Der Begriff «Gemeindefusionen» stand im Mittelpunkt der Delegiertenversammlung des Verbands Basellandschaftlicher Bürgergemeinden in Wintersingen. Geschäftsführer Thomas de Courten sprang für das Referat kurzfristig in die Bresche, weil der geladene Gastreferent, der zum Thema sprechen wollte, sein Erscheinen an der absagen musste. Wer nun dachte, der SVP-Fraktionschef im Landrat werde eine Breitseite gegen Fusionslüste abfeuern wurde eines Besseren belehrt.

De Courten machte eine neutrale Auslegeordnung und listete die Chancen und Risiken derartiger Vorgänge ohne eine politische oder persönliche Gewichtung vorzunehmen auf. Fusionen zwischen Kantonen, Gemeinden, aber auch intern zwischen Einwohner- und Bürgergemeinden, hob der Redner hervor, könnten durchaus Synergie-Effekte auslösen, dank Professionalisierung auch in eine höhere Effizienz münden und die Dienstleistungsqualität verbessern.

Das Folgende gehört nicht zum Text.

(* Let $\Pi=(P,\mathcal{L})$ and $\Pi'=(P',\mathcal{L}')$ be $n$-dimensional linear spaces, $n\ge 4$, both satisfying the exchange axiom and the axiom (P2). If $f:\mathcal{L}\to\mathcal{L}'$ is an injection sending every base subset of $\mathcal{G}_1(\Pi)=\mathcal{L}$ to a base subset of $\mathcal{G}_1(\Pi')=\mathcal{L}'$, then there is a strong embedding $g$ of $\Pi$ to $\Pi'$ such that $f(L)=\overline{g(L)}$ for every line $L\in\mathcal{L}$.
   Context: A linear space $\Pi=(P,\mathcal{L})$ is a set $P$ of points with a family $\mathcal{L}$ of proper subsets (lines) such that each line has at least two points and any two distinct points $p,q$ lie on exactly one line $pq$. Points are collinear if some line contains them. A subspace is a set $S\subset P$ with $pq\subset S$ for all distinct $p,q\in S$; $\overline{X}$ is the smallest subspace containing $X$. A set $X$ is independent if $\overline{X}$ is not spanned by a proper subset of $X$; a base of a subspace $S$ is an independent set spanning $S$. A subspace is $m$-dimensional if $m+1$ is the smallest number of points spanning it. Exchange axiom: for every $X\subset P$ and $p_1,p_2\in P\setminus\overline{X}$, $p_2\in\overline{X\cup\{p_1\}}$ implies $p_1\in\overline{X\cup\{p_2\}}$. Axiom (P2): every line contains at least three points. $\mathcal{G}_k(\Pi)$ is the set of $k$-dimensional subspaces. For a base $B$ of $\Pi$, the base subset of $\mathcal{G}_k(\Pi)$ associated with $B$ is the set of all $k$-dimensional subspaces spanned by points of $B$. A strong embedding of $\Pi$ to $\Pi'$ is an injection $g:P\to P'$ sending collinear triples to collinear triples, non-collinear triples to non-collinear triples, and independent sets to independent sets. *)

From mathcomp Require Import all_boot.
From mathcomp Require Import classical_sets.
From Stdlib Require List.

Set Implicit Arguments.
Unset Strict Implicit.
Unset Printing Implicit Defensive.
Local Open Scope classical_set_scope.

Section LinearSpaces.
Variable P : Type.
Variable Lines : set (set P).

Definition is_linear_space : Prop :=
  (forall l, Lines l -> l <> setT) /\
  (forall l, Lines l -> exists p q, p <> q /\ l p /\ l q) /\
  (forall p q, p <> q -> exists! l, Lines l /\ l p /\ l q).

Definition collinear (p q r : P) : Prop :=
  exists l, Lines l /\ l p /\ l q /\ l r.

Definition subspace (S : set P) : Prop :=
  forall p q, S p -> S q -> p <> q ->
    forall l, Lines l -> l p -> l q -> l `<=` S.

Definition lclosure (X : set P) : set P :=
  [set x | forall S, subspace S -> X `<=` S -> S x].

Definition independent (X : set P) : Prop :=
  forall Y, Y `<=` X -> Y <> X -> lclosure Y <> lclosure X.

Definition base_of (S B : set P) : Prop := independent B /\ lclosure B = S.

Definition spanned_by_k (S : set P) (k : nat) : Prop :=
  exists s : list P, List.NoDup s /\ List.length s = k /\ lclosure [set x | List.In x s] = S.

Definition dimension (S : set P) (m : nat) : Prop :=
  subspace S /\ spanned_by_k S m.+1 /\ (forall k, (k < m.+1)%N -> ~ spanned_by_k S k).

Definition Grass (k : nat) : set (set P) := [set S | dimension S k].

Definition exchange_axiom : Prop :=
  forall (X : set P) (p1 p2 : P), ~ lclosure X p1 -> ~ lclosure X p2 ->
    lclosure (X `|` [set p1]) p2 -> lclosure (X `|` [set p2]) p1.

Definition axiom_P2 : Prop :=
  forall l, Lines l -> exists p q r, l p /\ l q /\ l r /\ p <> q /\ p <> r /\ q <> r.

Definition base_subset (k : nat) (B : set P) : set (set P) :=
  [set S | Grass k S /\ exists X, X `<=` B /\ lclosure X = S].

Definition is_base_subset (k : nat) (A : set (set P)) : Prop :=
  exists B, base_of setT B /\ A = base_subset k B.

End LinearSpaces.

Definition strong_embedding (P P' : Type) (L : set (set P)) (L' : set (set P'))
  (g : P -> P') : Prop :=
  [/\ (forall x y, g x = g y -> x = y),
      (forall p q r, collinear L p q r -> collinear L' (g p) (g q) (g r)),
      (forall p q r, ~ collinear L p q r -> ~ collinear L' (g p) (g q) (g r)) &
      (forall X, independent L X -> independent L' (g @` X))].

(** The base subset of G_1 associated with a base B consists of the lines
   joining two points of B; two of them can only meet in a point of B, and
   exactly n of them pass through each point of B.  Let f map the base subset
   of B onto that of B' and let p, p1 be in B.  Exchanging p for a third point q
   of the line p p1 (axiom (P2)) gives a base whose image base misses some
   beta in B'.  At most one line beta u (u in B') lies in that image base, so
   at least n - 1 of these lines are images of lines of B which are not lines
   of the exchanged base, i.e. of the n - 1 lines p x with x <> p1: all f(p x)
   pass through beta.  Two choices of p1 cover every x <> p, and covering
   every line through p by independent sets shows that all lines f(l) with
   p in l share a point g(p).  Counting lines through g(p) once more, g maps
   every base injectively into an image base, which yields f(l) = <g(l)> and
   the properties of a strong embedding. *)

From mathcomp Require Import all_boot.
From mathcomp Require Import boolp classical_sets.
From Stdlib Require Import Lia.
From Stdlib Require List.

Set Implicit Arguments.
Unset Strict Implicit.
Unset Printing Implicit Defensive.
Local Open Scope classical_set_scope.

Section ListCounting.
Variables (A B : Type) (R : A -> B -> Prop).

Lemma NoDup_rel_length_le (l1 : list A) (l2 : list B) :
  List.NoDup l1 ->
  (forall a, List.In a l1 -> exists b, List.In b l2 /\ R a b) ->
  (forall a a' b, List.In a l1 -> List.In a' l1 -> R a b -> R a' b -> a = a') ->
  (length l1 <= length l2)%coq_nat.
Proof.
elim: l1 l2 => [|a l1 IH] l2 nd hm hi /=; first lia.
have [na nd1] := proj1 (List.NoDup_cons_iff a l1) nd.
have [b [inb rab]] := hm a (or_introl erefl).
have [m1 [m2 e]] := List.in_split b l2 inb.
suff : (length l1 <= length (m1 ++ m2))%coq_nat.
  by rewrite e !List.length_app /=; lia.
apply: IH => // [a' ina'|x y z ix iy]; last exact: hi (or_intror ix) (or_intror iy).
have [b' [inb' rb']] := hm a' (or_intror ina').
exists b'; split => //.
have nb : b' <> b.
  by move=> eb; subst b'; move: na; rewrite (hi a a' b) ?rab //; [left|right].
by move: inb'; rewrite e !List.in_app_iff /= => -[|[/esym/nb[]|]]; auto.
Qed.

Lemma NoDup_rel_surj (l1 : list A) (l2 : list B) :
  List.NoDup l1 -> (length l2 <= length l1)%coq_nat ->
  (forall a, List.In a l1 -> exists b, List.In b l2 /\ R a b) ->
  (forall a a' b, List.In a l1 -> List.In a' l1 -> R a b -> R a' b -> a = a') ->
  forall b, List.In b l2 -> exists a, List.In a l1 /\ R a b.
Proof.
move=> nd hl hm hi b inb; apply: contrapT => hn.
have [m1 [m2 e]] := List.in_split b l2 inb.
suff : (length l1 <= length (m1 ++ m2))%coq_nat.
  by move: hl; rewrite e !List.length_app /=; lia.
apply: NoDup_rel_length_le => // a ina.
have [b' [inb' rb']] := hm a ina.
exists b'; split => //.
have nb : b' <> b by move=> eb; subst b'; apply: hn; exists a.
by move: inb'; rewrite e !List.in_app_iff /= => -[|[/esym/nb[]|]]; auto.
Qed.

End ListCounting.

Lemma NoDup_remove_one (T : Type) (l : list T) a : List.NoDup l -> List.In a l ->
  exists l', [/\ List.NoDup l', length l = S (length l') &
    forall x, List.In x l' <-> List.In x l /\ x <> a].
Proof.
move=> nd ina; have [l1 [l2 e]] := List.in_split a l ina; subst l.
exists (l1 ++ l2); split; first exact: List.NoDup_remove_1 nd.
  by rewrite !List.length_app /=; lia.
have na := List.NoDup_remove_2 _ _ _ nd.
move=> x; rewrite !List.in_app_iff /=; split.
  by move=> h; split; [tauto|move=> ex; subst x; rewrite List.in_app_iff in na].
by case=> -[|[<-|]] nx; [left|case: nx|right].
Qed.

Lemma NoDup_remove_at_most_one (T : Type) (Q : T -> Prop) (m : list T) : List.NoDup m ->
  (forall u u', List.In u m -> List.In u' m -> Q u -> Q u' -> u = u') ->
  exists G, [/\ List.NoDup G, (length m <= S (length G))%coq_nat &
    forall u, List.In u G <-> List.In u m /\ ~ Q u].
Proof.
move=> nd hQ; case: (EM (exists2 u0, List.In u0 m & Q u0)) => [[u0 iu0 Qu0]|hn].
  have [G [ndG lG hG]] := NoDup_remove_one nd iu0.
  exists G; split => [//||u]; first lia.
  rewrite hG; split=> [[iu nu]|[iu nQ]]; last by split=> // eu; apply: nQ; rewrite eu.
  by split=> // Qu; apply: nu; exact: hQ.
exists m; split => [//||u]; first lia.
by split=> [iu|[]//]; split=> // Qu; apply: hn; exists u.
Qed.

Lemma NoDup_exists_notin (T : Type) (l xs : list T) : List.NoDup l ->
  (length xs < length l)%coq_nat -> exists y, List.In y l /\ ~ List.In y xs.
Proof.
move=> nd hl; apply: contrapT => hn.
have : (length l <= length xs)%coq_nat.
  apply: (List.NoDup_incl_length nd) => y iny.
  by apply: contrapT => ny; apply: hn; exists y.
lia.
Qed.

Lemma NoDup_two_others (T : Type) (l : list T) p : List.NoDup l -> List.In p l ->
  (3 <= length l)%coq_nat -> exists x y, [/\ List.In x l, List.In y l, x <> p, y <> p & x <> y].
Proof.
move=> nd inp hl; have [[|x [|y c]] [ndc lc hc]] := NoDup_remove_one nd inp;
  try by move: hl; rewrite lc /=; lia.
have [/hc [ix xp] /hc [iy yp]] : List.In x [:: x, y & c] /\ List.In y [:: x, y & c].
  by rewrite /=; tauto.
exists x, y; split => // exy; subst y.
by move/List.NoDup_cons_iff: ndc => [+ _]; apply; left.
Qed.

Lemma NoDup4 (T : Type) (a1 a2 a3 a4 : T) l : List.NoDup [:: a1, a2, a3, a4 & l] ->
  [/\ a1 <> a2, a1 <> a3, a1 <> a4 & [/\ a2 <> a3, a2 <> a4 & a3 <> a4]].
Proof.
move=> /List.NoDup_cons_iff [n1 /List.NoDup_cons_iff [n2 /List.NoDup_cons_iff [n3 _]]].
by move: n1 n2 n3 => /=; do ![split|move=> e; subst; tauto].
Qed.

Definition lset (T : Type) (l : list T) : set T := [set x | List.In x l].

Lemma lset_cons (T : Type) (a : T) (l : list T) : lset (a :: l) = lset l `|` [set a].
Proof.
by apply/seteqP; split => x; rewrite /lset /= => -[]; do ?[by left|by right].
Qed.

Lemma NoDup_in_set_or_cover (T : Type) (B : set T) k :
  (exists l : list T, [/\ List.NoDup l, lset l `<=` B & length l = k]) \/
  (exists l : list T, [/\ List.NoDup l, lset l `<=` B & B `<=` lset l]).
Proof.
elim: k => [|k [[l [nd lB e]]|]]; [by left; exists nil; split => //; constructor| |by right].
case: (EM (B `<=` lset l)) => [h|h]; first by right; exists l.
have [x Bx nx] : exists2 x, B x & ~ lset l x.
  apply: contrapT => hn; apply: h => x Bx; apply: contrapT => nx; apply: hn; by exists x.
left; exists (x :: l); split; [by constructor| |by rewrite /= e].
by move=> y [<-|/lB].
Qed.

Section Closure.
Variables (P : Type) (L : set (set P)).
Local Notation cl := (lclosure L).

Lemma lclosure_ext X : X `<=` cl X.
Proof. by move=> x Xx S _ XS; exact: XS. Qed.

Lemma lclosure_min S X : subspace L S -> X `<=` S -> cl X `<=` S.
Proof. by move=> sS XS x; apply. Qed.

Lemma subspace_lclosure X : subspace L (cl X).
Proof.
move=> p q clp clq pq l Ll lp lq x lx S sS XS.
exact: (sS p q (clp S sS XS) (clq S sS XS) pq l Ll lp lq x lx).
Qed.

Lemma lclosure_sub X Y : X `<=` cl Y -> cl X `<=` cl Y.
Proof. by move=> h; apply: lclosure_min => //; exact: subspace_lclosure. Qed.

Lemma lclosureS X Y : X `<=` Y -> cl X `<=` cl Y.
Proof. by move=> h; apply: lclosure_sub => x /h; exact: lclosure_ext. Qed.

Lemma lclosure_subsingleton X : (forall p q, X p -> X q -> p = q) -> cl X `<=` X.
Proof. by move=> h; apply: lclosure_min => // p q Xp Xq pq; case: pq; exact: h. Qed.

Lemma notin_lclosure_neq X x a : ~ cl X x -> X a -> x <> a.
Proof. by move=> nx Xa e; apply: nx; rewrite e; exact: lclosure_ext. Qed.

Lemma lclosure_nil (a : P) : ~ cl (lset nil) a.
Proof. by move/(lclosure_subsingleton (X := lset nil)); apply=> ? ? []. Qed.

Lemma lclosure1 (p x : P) : cl (lset [:: p]) x -> x = p.
Proof.
have hs : forall u v, lset [:: p] u -> lset [:: p] v -> u = v.
  by move=> u v [<-|[]] [<-|[]].
by move/(lclosure_subsingleton hs) => [].
Qed.

Lemma independentP X : independent L X <-> (forall x, X x -> ~ cl (X `\ x) x).
Proof.
split=> [hi x Xx hx|h Y YX nYX e].
  apply: (hi (X `\ x)) => [y []//| e |].
    by have [_ /(_ erefl)] : (X `\ x) x by rewrite e.
  apply/seteqP; split; first by apply: lclosureS => y [].
  apply: lclosure_sub => y Xy.
  by case: (EM (y = x)) => [->//|nyx]; apply: lclosure_ext.
have [x [Xx nYx]] : exists x, X x /\ ~ Y x.
  apply: contrapT => hn; apply: nYX; apply/seteqP; split => // y Xy.
  by apply: contrapT => nY; apply: hn; exists y.
apply: (h x Xx).
have : cl X x by exact: lclosure_ext.
rewrite -e; apply: lclosureS => y Yy; split; first exact: YX.
by move=> /= eyx; subst y.
Qed.

Lemma independentS X Y : Y `<=` X -> independent L X -> independent L Y.
Proof.
move=> YX /independentP hX; apply/independentP => y Yy hy.
by apply: (hX y (YX y Yy)); move: hy; apply: lclosureS => z [/YX].
Qed.

Lemma independent_nil : independent L (lset (@nil P)).
Proof. by apply/independentP => x []. Qed.

End Closure.

Section Lines.
Variables (P : Type) (L : set (set P)).
Hypothesis HL : is_linear_space L.
Local Notation cl := (lclosure L).

Definition join (u v : P) : set P := cl (lset [:: u; v]).

Lemma join_l u v : join u v u.
Proof. by apply: lclosure_ext; left. Qed.

Lemma join_r u v : join u v v.
Proof. by apply: lclosure_ext; right; left. Qed.

Arguments join_l : clear implicits.
Arguments join_r : clear implicits.

Lemma joinC u v : join u v = join v u.
Proof. by rewrite /join; congr lclosure; apply/seteqP; split => x; rewrite /lset /=; tauto. Qed.

Lemma join_sub u v X : cl X u -> cl X v -> join u v `<=` cl X.
Proof. by move=> Xu Xv; apply: lclosure_sub => x [<-|[<-|[]]]. Qed.

Lemma join_subset u v X : X u -> X v -> join u v `<=` cl X.
Proof. by move=> Xu Xv; apply: join_sub; apply: lclosure_ext. Qed.

Lemma line_eq l1 l2 p q : L l1 -> L l2 -> p <> q ->
  l1 p -> l1 q -> l2 p -> l2 q -> l1 = l2.
Proof.
move=> L1 L2 pq l1p l1q l2p l2q; have [l [_ hu]] := HL.2.2 p q pq.
by rewrite -(hu l1) ?(hu l2).
Qed.

Lemma subspace_line l : L l -> subspace L l.
Proof.
move=> Ll p q lp lq pq l' Ll' l'p l'q.
by rewrite (line_eq Ll' Ll pq l'p l'q lp lq).
Qed.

Andererseits bestünden Risiken durch Wuchern der Verwaltung, durch Technokratie und durch ein Ansteigen der Kosten. Ausserdem gehe die Bürgernähe der Verwaltung verloren, verbunden mit einem Demokratieverlust durch das Delegieren der Verantwortung auf andere Ebenen. De Courten ging ausserdem in groben Zügen auf die anstehende Revision des Gemeindegesetzes ein. Dabei sollen die Hindernisse bezüglich Vereinigung von Gemeinwesen abgebaut werden.

Handlungsbedarf der Regierung

Der Geschäftsführer mahnte, es gebe auch «Berater», die nur auf den grossen Wurf setzten. Man könne sich durchaus überlegen, Kooperations- und Verwaltungsformen, die über das heutige Mass hinausgehen zu prüfen.

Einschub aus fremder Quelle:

Lemma rsum_le m f g : (forall i, (i < m)%nat -> f i <= g i) -> rsum m f <= rsum m g.
Proof.
  induction m as [|m IH]; intros H; simpl; [lra|].
  assert (rsum m f <= rsum m g) by (apply IH; intros; apply H; lia).
  assert (f m <= g m) by (apply H; lia). lra.
Qed.

Lemma rsum_zero m : rsum m (fun _ => 0) = 0.
Proof. induction m as [|m IH]; simpl; [|rewrite IH]; lra. Qed.

Lemma rsum_nonneg m f : (forall i, (i < m)%nat -> 0 <= f i) -> 0 <= rsum m f.
Proof. intros H. rewrite <- (rsum_zero m). apply rsum_le. exact H. Qed.

Lemma rsum_plus m f g : rsum m (fun i => f i + g i) = rsum m f + rsum m g.
Proof. induction m as [|m IH]; simpl; [|rewrite IH]; lra. Qed.

Lemma rsum_minus m f g : rsum m (fun i => f i - g i) = rsum m f - rsum m g.
Proof. induction m as [|m IH]; simpl; [|rewrite IH]; lra. Qed.

Lemma rsum_scal m c f : rsum m (fun i => c * f i) = c * rsum m f.
Proof. induction m as [|m IH]; simpl; [|rewrite IH]; lra. Qed.

Lemma rsum_const m c : rsum m (fun _ => c) = INR m * c.
Proof. induction m as [|m IH]; simpl rsum; [simpl; lra|]. rewrite IH, S_INR. lra. Qed.

Lemma rsum_swap m k (F : nat -> nat -> R) :
  rsum m (fun i => rsum k (F i)) = rsum k (fun j => rsum m (fun i => F i j)).
Proof.
  induction m as [|m IH]; simpl.
  - symmetry. apply rsum_zero.
  - rewrite IH, <- rsum_plus. reflexivity.
Qed.

Lemma rsum_split a b f : rsum (a + b) f = rsum a f + rsum b (fun s => f (a + s)%nat).
Proof.
  induction b as [|b IH]; simpl; [rewrite Nat.add_0_r; lra|].
  rewrite Nat.add_succ_r. simpl. rewrite IH. lra.
Qed.

Lemma rsum_shift m f : rsum (S m) f = f O + rsum m (fun t => f (S t)).
Proof. replace (S m) with (1 + m)%nat by lia. rewrite rsum_split. simpl. lra. Qed.

Lemma rsum_delta m x f : (x < m)%nat ->
  rsum m (fun i => (if Nat.eqb i x then 1 else 0) * f i) = f x.
Proof.
  induction m as [|m IH]; intros Hx; [lia|]. cbn [rsum].
  destruct (Nat.eq_dec x m) as [->|Hxm].
  - rewrite Nat.eqb_refl, (rsum_ext _ _ (fun _ => 0)), rsum_zero; [ring|].
    intros i Hi. rewrite (proj2 (Nat.eqb_neq i m)) by lia. ring.
  - rewrite (proj2 (Nat.eqb_neq m x)) by lia. rewrite IH by lia. ring.
Qed.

So sei es denkbar, dass ein Mitglied des Gemeinderats den Wohnsitz nicht zwingend in der Gemeinde haben muss. Den anwesenden Vertreterinnen und Vertreter der Bürgergemeinden empfahl de Courten, die Frage einer Fusion, in welcher Art auch immer, ruhig und emotionslos anzugehen. Fusionen, stellte er abschliessend fest, dürften nie nur den Zweck haben, die Administration und die Verantwortung abzuschieben.

Verbandspräsident Christophe Loetscher äusserte sich in seiner Begrüssungsbotschaft ebenfalls zum Thema. In den meisten Fällen stünden finanzielle Überlegungen hinter derartigen Schritten. Loetscher hob die Bedeutung der Bürgergemeinden im Fördern und Erhalten von eigenständiger Kultur und Brauchtum sowie als grösste Waldbesitzerinnen im Kanton hervor.

Seit bald sechs Jahren, gab er zu bedenken, liege die überparteiliche Motion «Abgeltung gemeinwirtschaftlicher Leistungen im Wald» in der Schublade von Volkswirtschaftsdirektor Peter Zwick. Loetscher unmissverständlich: «Im Jahr des Waldes ist es höchste Zeit, dass sich die Regierung endlich mit dieser Motion befasst und mithilft, die Bürgergemeinden finanziell zu entlasten».